Bells That Still Can Ring
Broadcaster
BBC Radio 4
TX Date
8th Dec 2022
Narrator
Andres Williams
Producer
Caroline Donne
Editor
Kristine Pommert
Researcher
Ewan Newbigging-Lister
Quotes
"A ringing endorsement for BBC radio storytelling."
Anna Leszkiewicz, New Statesman
John Taylor & Co in Loughborough is the only major bell foundry left in the UK. The bells it has produced ring at St Paul’s Cathedral and chime in clocks, belltowers, churches, universities and public buildings in over 100 countries.
It is also a place full of history. More large bells have been cast here than at any other bell foundry in Britain. And it still attracts engineers who are passionate about producing the perfect bell. In this programme, we hear from some of them, including foreman Anthony Stone and bell tuner Girdar Vadukar.

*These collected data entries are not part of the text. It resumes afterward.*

(* Let $n,N\ge1$ and positive integers $r_1,\dots,r_N,r$ with $r_i\le r\le\lfloor(n-1)/2\rfloor$. Consider either (a) $d=n$, $p=r_i+1$, $q=n-r_i$ for some $i$, and $\mathcal{A}(y)=\mathcal{H}_{r_i+1}(y)$; or (b) $d=Nn$, $p=r+1$, $q=N(n-r)$, $\mathcal{A}(y)=[\mathcal{H}_{r+1}(y_1)\cdots\mathcal{H}_{r+1}(y_N)]$ for $y=(y_1^\top,\dots,y_N^\top)^\top$. Fix $\hat y\in\mathbb{R}^d$ and define, for $R\in\mathbb{R}^{1\times p}$, $$\Psi(R)=\inf_{y\in\mathbb{R}^d}\Big\{\tfrac12\|y-\hat y\|^2:\ R\mathcal{A}(y)=0\Big\}.$$ Then $\Psi$ is smooth on $\mathbb{R}^{1\times p}\setminus\{0\}$.
   Context: For $x\in\mathbb{R}^n$ and $1\le l\le n$, $\mathcal{H}_l(x)\in\mathbb{R}^{l\times(n-l+1)}$ is the Hankel matrix with $(i,j)$ entry $x(i+j-1)$. *)

From HB Require Import structures.
From mathcomp Require Import all_boot all_order all_algebra.
From mathcomp Require Import all_classical all_reals all_analysis.
Set Implicit Arguments. Unset Strict Implicit. Unset Printing Implicit Defensive.
Import Order.TTheory GRing.Theory Num.Theory.
Import numFieldNormedType.Exports.
Local Open Scope classical_set_scope.
Local Open Scope ring_scope.

Section Defs.
Variable R : realType.

(* 0-indexed access x(k) of a vector x in R^n (k < n); 0 out of range (never used). *)
Definition vnth (n : nat) (x : 'rV[R]_n) (k : nat) : R :=
  if @insub nat (fun k => k < n)%N 'I_n k is Some j then x 0 j else 0.

(* Hankel matrix H_l(x) in R^{l x (n-l+1)}, (i,j) entry x(i+j-1) (1-indexed),
   i.e. x(i+j) with 0-indexed i, j. *)
Definition hankel_entry (n : nat) (x : 'rV[R]_n) (i j : nat) : R := vnth x (i + j).

Definition hankel (n l : nat) (x : 'rV[R]_n) : 'M[R]_(l, n - l + 1) :=
  \matrix_(i < l, j < n - l + 1) hankel_entry x i j.

(* k-th block y_k (0-indexed) of y = (y_1^T, ..., y_N^T)^T in R^{N n} *)
Definition vblock (N n : nat) (y : 'rV[R]_(N * n)) (k : nat) : 'rV[R]_n :=
  \row_(t < n) vnth y (k * n + t).

(* [H_{r+1}(y_1) ... H_{r+1}(y_N)] in R^{(r+1) x N(n-r)} : column j lies in
   block j / (n-r), at column j mod (n-r) of that block
   (entry (i, c) of H_{r+1}(y_k) is hankel_entry y_k i c). *)
Definition hankel_cat (N n r : nat) (y : 'rV[R]_(N * n)) : 'M[R]_(r.+1, N * (n - r)) :=
  \matrix_(i < r.+1, j < N * (n - r))
     hankel_entry (vblock y (j %/ (n - r))) i (j %% (n - r)).

Definition Psi (d p q : nat) (A : 'rV[R]_d -> 'M[R]_(p, q)) (yhat : 'rV[R]_d)
  (Rv : 'rV[R]_p) : R :=
  inf [set (2^-1 * \sum_(k < d) (y 0 k - yhat 0 k) ^+ 2) | y in
        [set y : 'rV[R]_d | Rv *m A y = 0]].

Fixpoint iderive (p : nat) (f : 'rV[R]_p -> R) (vs : seq 'rV[R]_p) : 'rV[R]_p -> R :=
  match vs with
  | [::] => f
  | v :: vs' => fun x => 'D_v (iderive f vs') x
  end.

Definition smooth_on (p : nat) (U : set 'rV[R]_p) (f : 'rV[R]_p -> R) : Prop :=
  forall vs : seq 'rV[R]_p,
    (forall x, U x -> forall v, derivable (iderive f vs) x v) /\
    (forall x, U x -> {for x, continuous (iderive f vs)}).

End Defs.

From HB Require Import structures.
From mathcomp Require Import all_boot all_order all_algebra.
From mathcomp Require Import all_classical all_reals all_analysis.
From mathcomp Require Import ring zify.
Import Order.TTheory GRing.Theory Num.Theory.
Import numFieldNormedType.Exports.
Local Open Scope classical_set_scope.
Local Open Scope ring_scope.
Set Implicit Arguments. Unset Strict Implicit.

(* For fixed R the constraint R A(y) = 0 is linear in y: R A(y) = y M(R)^T,
   where the rows of M(R) are copies of R placed at pairwise distinct offsets
   (consecutive offsets for one Hankel matrix, one run per block for the
   concatenation).  If R <> 0 and c <> 0, then c M(R) <> 0: in the column where
   the first nonzero coefficient of R meets the row of smallest offset with
   c_j <> 0, a single term survives.  Hence M = M(R) has full row rank, the Gram
   matrix M M^T is invertible, and Psi(R) is half the squared norm of the
   orthogonal projection yhat M^T (M M^T)^-1 M of yhat onto the row space of M.
   This is a rational function of the entries of R whose denominator det (M M^T)
   does not vanish on R <> 0, and such functions are stable under directional
   derivatives, hence smooth. *)


Section RationalFunctions.
Variables (R : realType) (p : nat) (U : set 'rV[R]_p).

Inductive rational_on : ('rV[R]_p -> R) -> Prop :=
| rational_cst c : rational_on (fun _ => c)
| rational_coord j : rational_on (fun x => x 0 j)
| rational_add f g : rational_on f -> rational_on g -> rational_on (fun x => f x + g x)
| rational_mul f g : rational_on f -> rational_on g -> rational_on (fun x => f x * g x)
| rational_inv f : rational_on f -> (forall x, U x -> f x != 0) ->
    rational_on (fun x => (f x)^-1)
(* Agreement on U suffices, since 'D_v of a product or quotient is only
   computed at points of U. *)
| rational_eq f g : rational_on f -> (forall x, U x -> f x = g x) -> rational_on g.

Lemma rational_on_sum (I : Type) (s : seq I) (F : I -> 'rV[R]_p -> R) :
  (forall i, rational_on (F i)) -> rational_on (fun x => \sum_(i <- s) F i x).
Proof.
move=> rF; elim: s => [|i s IH].
  by apply: (rational_eq (rational_cst 0)) => x _; rewrite big_nil.
by apply: (rational_eq (rational_add (rF i) IH)) => x _; rewrite big_cons.
Qed.

Lemma rational_on_prod (I : Type) (s : seq I) (F : I -> 'rV[R]_p -> R) :
  (forall i, rational_on (F i)) -> rational_on (fun x => \prod_(i <- s) F i x).
Proof.
move=> rF; elim: s => [|i s IH].
  by apply: (rational_eq (rational_cst 1)) => x _; rewrite big_nil.
by apply: (rational_eq (rational_mul (rF i) IH)) => x _; rewrite big_cons.
Qed.

Hypothesis U_open : open U.

Let near_U x : U x -> \forall y \near x, U y.
Proof. by move=> Ux; apply: open_nbhs_nbhs. Qed.

Lemma rational_on_derivable f : rational_on f ->
  forall x, U x -> forall v, derivable f x v.
Proof.
elim=> {f} [c|j|f g _ df _ dg|f g _ df _ dg|f _ df f_neq0|f g _ df fg] x Ux v.
- exact: derivable_cst.
- exact: (derivable_mxP _ _ _).1 (@derivable_id _ _ x v) 0 j.
- exact: derivableD (df x Ux v) (dg x Ux v).
- exact: derivableM (df x Ux v) (dg x Ux v).
- exact: derivableV (f_neq0 x Ux) (df x Ux v).
- by apply: near_eq_derivable (df x Ux v); apply: filterS (near_U Ux).
Qed.

Lemma rational_on_continuous f : rational_on f ->
  forall x, U x -> {for x, continuous f}.
Proof.
elim=> {f} [c|j|f g _ cf _ cg|f g _ cf _ cg|f _ cf f_neq0|f g _ cf fg] x Ux.
- exact: cst_continuous.
- exact: coord_continuous.
- exact: continuousD (cf x Ux) (cg x Ux).
- exact: continuousM (cf x Ux) (cg x Ux).
- exact: continuousV (f_neq0 x Ux) (cf x Ux).
- have f_near_g : {near x, f =1 g} by apply: filterS (near_U Ux) => y /fg.
  rewrite /prop_for /continuous_at -(fg x Ux).
  exact: cvg_trans (near_eq_cvg f_near_g) (cf x Ux).
Qed.

Lemma rational_on_derive f v : rational_on f -> rational_on (fun x => 'D_v f x).
Proof.
elim=> {f} [c|j|f g rf Df rg Dg|f g rf Df rg Dg|f rf Df f_neq0|f g rf Df fg].
- by apply: (rational_eq (rational_cst 0)) => x _; rewrite derive_cst.
- apply: (rational_eq (rational_cst (v 0 j))) => x _.
  have := derive_mx (@derivable_id _ _ x v); rewrite derive_id => Dv.
  by rewrite {1}Dv mxE.
- apply: (rational_eq (rational_add Df Dg)) => x Ux.
  by rewrite deriveD //; apply: rational_on_derivable.
- apply: (rational_eq (rational_add (rational_mul rf Dg) (rational_mul rg Df))) => x Ux.
  by rewrite deriveM //; apply: rational_on_derivable.
- have rfV := rational_inv rf f_neq0.
  apply: (rational_eq (rational_mul (rational_mul (rational_mul
    (rational_cst (-1)) rfV) rfV) Df)) => x Ux.
  have fx_neq0 := f_neq0 x Ux.
  have dfx : derivable f x v by exact: rational_on_derivable.
  by rewrite deriveV //= expr2 invfM mulN1r mulNr.
- apply: (rational_eq Df) => x Ux; apply: near_eq_derive.
  exact: filterS (near_U Ux).
Qed.

Lemma rational_on_smooth f : rational_on f -> smooth_on U f.
Proof.
move=> rf vs; have rfvs : rational_on (iderive f vs).
  by elim: vs => //= v vs; exact: rational_on_derive.
by split; [exact: rational_on_derivable | exact: rational_on_continuous].
Qed.

End RationalFunctions.

Section RationalMatrices.
Variables (R : realType) (p : nat) (U : set 'rV[R]_p).

Definition mx_rational_on m n (F : 'rV[R]_p -> 'M[R]_(m, n)) :=
  forall i j, rational_on U (fun x => F x i j).

Lemma mx_rational_on_cst m n (C : 'M[R]_(m, n)) : mx_rational_on (fun _ => C).
Proof. by move=> i j; exact: rational_cst. Qed.

Lemma mx_rational_on_tr m n (F : 'rV[R]_p -> 'M[R]_(m, n)) :
  mx_rational_on F -> mx_rational_on (fun x => (F x)^T).
Proof. by move=> rF i j; apply: (rational_eq (rF j i)) => x _; rewrite mxE. Qed.

Lemma mx_rational_on_mul m n k
    (F : 'rV[R]_p -> 'M[R]_(m, n)) (G : 'rV[R]_p -> 'M[R]_(n, k)) :
  mx_rational_on F -> mx_rational_on G -> mx_rational_on (fun x => F x *m G x).
Proof.
move=> rF rG i j; apply: (rational_eq (rational_on_sum (index_enum 'I_n) _)).
  by move=> l; exact: (rational_mul (rF i l) (rG l j)).
by move=> x _; rewrite mxE.
Qed.

Lemma rational_on_det n (F : 'rV[R]_p -> 'M[R]_n) :
  mx_rational_on F -> rational_on U (fun x => \det (F x)).
Proof.
move=> rF; rewrite /determinant; apply: rational_on_sum => s.
by apply: rational_mul; [exact: rational_cst | apply: rational_on_prod => i; exact: rF].
Qed.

The largest church bell in Britain, Great Paul, which weighs in at nearly 17 tons, was cast at Loughborough in 1881. An agricultural steam engine then pulled the bell to London on a specially adapted cart. After adventurous months on the road, it was finally hung at St Paul’s Cathedral – and as the Surveyor of the Fabric, Oliver Caroe, explains, this took enormous ingenuity and a hefty dose of whale oil.

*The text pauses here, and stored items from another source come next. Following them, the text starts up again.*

Lemma chief_factor_mulIg : ~~ (H :&: X \subset K) -> (H :&: X) * K = H.
Proof.
move=> sHXK; have [sKH nKT sHT nHT] := chief_factorP chiefH.
have [_ nXT] := andP nsXT.
have nKHX : H :&: X \subset 'N(K) by rewrite subIset ?(subset_trans sHT nKT).
rewrite -norm_joinEl //.
have sLH : (H :&: X) <*> K \subset H by rewrite join_subG subsetIl sKH.
have [eqK | ->] // := chief_factor_sub_eq chiefH (joing_subr _ _) sLH
  (normsY (normsI nHT nXT) nKT).
by case/negP: sHXK; rewrite -eqK joing_subl.
Qed.

Lemma chief_factorI : ~~ (H :&: X \subset K) -> chief_factor T (K :&: X) (H :&: X).
Proof.
move=> sHXK; have [sKH nKT sHT nHT] := chief_factorP chiefH.
have [_ nXT] := andP nsXT.
apply/andP; split; last by rewrite normalI //; case/andP: chiefH.
apply/maxgroupP; split.
  rewrite normsI // andbT properEneq setSI // andbT.
  by apply: contra sHXK => /eqP <-; apply: subsetIl.
move=> W /andP[pW nWT] sKXW; have /subsetIP[sWH sWX] := proper_sub pW.
have nKW : W \subset 'N(K) by rewrite (subset_trans sWH) ?(subset_trans sHT).
have sLH : K <*> W \subset H by rewrite join_subG sKH.
have [eqK | eqH] := chief_factor_sub_eq chiefH (joing_subl K W) sLH (normsY nKT nWT).
  by apply/eqP; rewrite eqEsubset sKXW subsetI sWX -eqK joing_subr.
case/negP: (proper_subn pW).
have eHKW : gval H = K * W by rewrite -(norm_joinEr nKW).
by rewrite eHKW setIC -group_modr // mul_subG // setIC.
Qed.

Lemma chief_factor_joinI : H :&: X \subset K -> H :&: (K <*> X) \subset K.
Proof.
move=> sHXK; have [sKH _ sHT _] := chief_factorP chiefH; have [_ nXT] := andP nsXT.
rewrite norm_joinEl ?(subset_trans sKH) ?(subset_trans sHT) //.
by rewrite setIC -group_modl // mul_subG // setIC.
Qed.

Lemma chief_factorY : H :&: X \subset K -> chief_factor T (K <*> X) (H <*> X).
Proof.
move=> sHXK; have [sKH nKT sHT nHT] := chief_factorP chiefH.
have [_ nXT] := andP nsXT.
have tiHKX := chief_factor_joinI sHXK.
apply/andP; split; last by rewrite normalY //; case/andP: chiefH.
apply/maxgroupP; split.
  rewrite normsY // andbT properEneq genS ?setSU // andbT.
  have pKH : K \proper H by case/andP: chiefH => /maxnormal_proper.
  apply: contraL (proper_subn pKH) => /eqP eqKHX; rewrite negbK (subset_trans _ tiHKX) //.
  by rewrite subsetI subxx eqKHX joing_subl.
move=> W /andP[pW nWT] sKXW; have sWHX := proper_sub pW.
have /joing_subP[sKW sXW] := sKXW.
have sKWH : K \subset W :&: H by rewrite subsetI sKW sKH.
have [eqK | eqH] := chief_factor_sub_eq chiefH sKWH (subsetIr W H) (normsI nWT nHT).
  apply/eqP; rewrite eqEsubset sKXW andbT.
  rewrite -(setIidPl sWHX) norm_joinEl ?(subset_trans sHT) //.
  by rewrite -group_modr // eqK -norm_joinEl ?(subset_trans (subset_trans sKH sHT)).
case/negP: (proper_subn pW); rewrite join_subG sXW andbT.
by rewrite -eqH subsetIl.
Qed.

Variables (F : group_class) (formF : formation F).

Lemma Fcentral_chief_factorI :
  ~~ (H :&: X \subset K) -> Fcentral F T (K :&: X) (H :&: X) <-> Fcentral F T K H.
Proof.
move=> sHXK; apply: Fcentral_transfer (chief_factorI sHXK) chiefH _ _ _ _ _ _ => //.
- exact: subsetIl.
- exact: subsetIl.
- by apply/subsetP=> x /[!inE] /andP[/andP[_ ->] ->].
- by rewrite chief_factor_mulIg.
- exact: mulG_subl.
Qed.

Lemma Fcentral_chief_factorY :
  H :&: X \subset K -> Fcentral F T K H <-> Fcentral F T (K <*> X) (H <*> X).
Proof.
move=> sHXK; apply: Fcentral_transfer chiefH (chief_factorY sHXK) _ _ _ _ _ _ => //.
- exact: joing_subl.
- exact: joing_subl.
- exact: chief_factor_joinI.
- have [_ _ sHT _] := chief_factorP chiefH; have [_ nXT] := andP nsXT.
  change (H <*> X \subset H * (K <*> X)).
  by rewrite norm_joinEl ?(subset_trans sHT) // mulgS // joing_subr.
- exact: mulG_subl.
Qed.

End ChiefFactorNormal.

Lemma Fhyper_subY (F : group_class) (formF : formation F) (gT : finGroupType)
    (T N1 N2 : {group gT}) :
  Fhyper_sub F T N1 -> Fhyper_sub F T N2 -> Fhyper_sub F T (N1 <*> N2)%G.
Proof.
move=> [nsN1 hypN1] [nsN2 hypN2]; split=> [|U V chiefU sUN]; first exact: normalY.
have [sUN1V | nsUN1V] := boolP (U :&: N1 \subset V); last first.
  apply/(Fcentral_chief_factorI chiefU nsN1 formF nsUN1V)/hypN1.
    exact: chief_factorI.
  exact: subsetIr.
have chiefUN1 := chief_factorY chiefU nsN1 sUN1V.
have nsUN2 : ~~ ((U <*> N1)%G :&: N2 \subset (V <*> N1)%G).
  have pUN1 : V <*> N1 \proper U <*> N1 by case/andP: chiefUN1 => /maxnormal_proper.
  apply: contra (proper_subn pUN1) => sUN2.
  have [sN1T _] := andP nsN1; have [_ nN2T] := andP nsN2.
  have sUN12 : U <*> N1 \subset N1 * N2.
    by rewrite -norm_joinEl ?(subset_trans sN1T) // join_subG sUN joing_subl.
  rewrite -(setIidPl sUN12) setIC -group_modl ?joing_subr //.
  by rewrite mul_subG ?joing_subr // setIC.
apply/(Fcentral_chief_factorY chiefU nsN1 formF sUN1V).
apply/(Fcentral_chief_factorI chiefUN1 nsN2 formF nsUN2)/hypN2.
  exact: chief_factorI.
exact: subsetIr.
Qed.

Lemma pboolP (Q : Prop) : reflect Q (pbool Q).
Proof. by rewrite /pbool; case: excluded_middle_informative; constructor. Qed.

Lemma Fhyper_sub_ZF (F : group_class) (gT : finGroupType) (G N : {group gT}) :
  Fhyper_sub F G N -> N \subset ZF F G.
Proof.
move/pboolP=> hypN.
have := @bigcup_sup _ _ N (fun N : {group gT} => pbool (Fhyper_sub F G N)) (@gval _) hypN.
by move/subset_trans; apply; apply: sub_gen.
Qed.

Lemma ZF_Fhyper_sub (F : group_class) (formF : formation F) (gT : finGroupType)
    (T : {group gT}) :
  exists2 M : {group gT}, Fhyper_sub F T M & ZF F T = M.
Proof.
pose hyp N := pbool (Fhyper_sub F T N).
have hyp1 : hyp 1%G.
  apply/pboolP; split=> [|U V /andP[/maxnormal_proper pVU _] sU1]; first exact: normal1.
  by have := proper_card (proper_sub_trans pVU sU1); rewrite cards1 ltnS leqNgt cardG_gt0.
have [M /pboolP hypM maxM] := arg_maxnP (fun N : {group gT} => #|N|) hyp1.
exists M => //; apply/eqP; rewrite eqEsubset Fhyper_sub_ZF // andbT gen_subG.
apply/bigcupsP=> N /pboolP hypN.
have /maxM leMNM : hyp (N <*> M)%G by apply/pboolP; apply: Fhyper_subY.
have /eqP -> : M :==: N <*> M by rewrite eqEcard joing_subr.
exact: joing_subl.
Qed.

Lemma chief_factor_commg_sub (gT : finGroupType) (G V U P : {group gT}) :
  nilpotent P -> P <| G -> chief_factor G V U -> U \subset P -> [~: U, P] \subset V.
Proof.
move=> nilP /andP[sPG nPG] chiefU sUP; have [sVU nVG sUG nUG] := chief_factorP chiefU.
have [nVU nVP] := (subset_trans sUG nVG, subset_trans sPG nVG).
have sRU : [~: U, P] \subset U by rewrite commg_subl (subset_trans sPG).
have sLU : [~: U, P] <*> V \subset U by rewrite join_subG sRU.
have nLG : G \subset 'N([~: U, P] <*> V) by rewrite normsY // normsR.
have [eqV | eqU] := chief_factor_sub_eq chiefU (joing_subr _ _) sLU nLG.
  by rewrite -eqV joing_subl.
have {}eqU : [~: U, P] <*> V = U := eqU.
have ntUV : U / V != 1.
  by rewrite quotient_neq1 ?(maxnormal_proper (proj1 (andP chiefU))) // /normal sVU.
have /nil_comm_properl : nilpotent (P / V) := quotient_nil V nilP.
move/(_ _ (P / V) (quotientS V sUP) ntUV).
rewrite subsetI subxx quotient_norms ?(subset_trans sPG) // => /(_ isT).
have -> : [~: U / V, P / V] = U / V.
  by rewrite -quotientR // -[in RHS]eqU quotientYidr ?(subset_trans sRU).
by rewrite /= properxx.
Qed.

Section Supplement.

Variables (gT : finGroupType) (G P T V U : {group gT}).
Hypotheses (nsPG : P <| G) (sTG : T \subset G) (defG : P * T = G).
Hypotheses (chiefU : chief_factor G V U) (sUT : U \subset T) (sUPV : [~: U, P] \subset V).

Lemma chief_factor_supplement : chief_factor T V U.
Proof.
have [_ nVG _ nUG] := chief_factorP chiefU.
have [_ maxV] := maxgroupP (proj1 (andP chiefU)).
apply/andP; split; last by rewrite /normal sUT (subset_trans sTG).
apply/maxgroupP; split=> [|W /andP[pWU nWT] sVW].
  by rewrite (subset_trans sTG) // andbT (maxnormal_proper (proj1 (andP chiefU))).
apply: maxV => //; rewrite pWU /= -defG mul_subG // -commg_subl.
by rewrite (subset_trans _ sVW) // (subset_trans _ sUPV) // commSg // proper_sub.
Qed.

Lemma Fcentral_supplement (F : group_class) :
  formation F -> Fcentral F T V U <-> Fcentral F G V U.
Proof.
move=> formF; have [sPG nPG] := andP nsPG; have [_ nVG sUG _] := chief_factorP chiefU.
apply: Fcentral_transfer chief_factor_supplement chiefU _ _ _ _ _ _ => //.
- exact: subsetIr.
- exact: mulG_subl.
rewrite -defG -(normC (subset_trans sTG nPG)) mulgS // sub_astabQR.
- by rewrite commGC.
- exact: subset_trans nVG.
exact: subset_trans sUG nVG.
Qed.

End Supplement.

Theorem lemma3p3 (F : group_class) (hF : saturated_formation F)
  (gT : finGroupType) (p : nat) (G P T : {group gT}) :
  prime p -> p.-group P -> P <| G -> T \subset G -> P * T = G ->
  P :&: ZF F T <| P ->
  P :&: ZF F T \subset ZF F G.
Proof.
move=> _ pP nsPG sTG defG; have formF := hF.1.
have [M [nsMT hypM] ->] := ZF_Fhyper_sub formF T; have [sMT nMT] := andP nsMT.
move=> /andP[_ nPMP]; apply: (@Fhyper_sub_ZF _ _ _ (P :&: M)%G); split.
  have [sPG nPG] := andP nsPG.
  by rewrite /normal subIset ?sPG // -defG mul_subG //= normsI ?(subset_trans sTG nPG).
move=> U V chiefU /subsetIP[sUP sUM]; have sUT := subset_trans sUM sMT.
have sUPV := chief_factor_commg_sub (pgroup_nil pP) nsPG chiefU sUP.
apply/(Fcentral_supplement nsPG sTG defG chiefU sUT sUPV formF).
exact: hypM _ _ (chief_factor_supplement sTG defG chiefU sUT sUPV) sUM.
Qed.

More recently, the bell used for the AC/DC track Hells Bells was cast at Loughborough. The band’s ambition was to take the bell with them on their Back in Black tour in 1980 – a logistical nightmare because of the bell’s great weight.
At St Mary’s church in Putney in South West London, in 1973, a set of Loughborough bells alerted local residents to a fire when they “rang themselves down” as the flames burnt through the wooden stays holding them in place.
What resonates strongly is the enormous passion everyone in this programme has for bells – and the fact that they are likely to outlast the people who made them, in many cases by hundreds of years.
We are grateful to Jemma Meyer for supplying sound of Great Paul for this programme.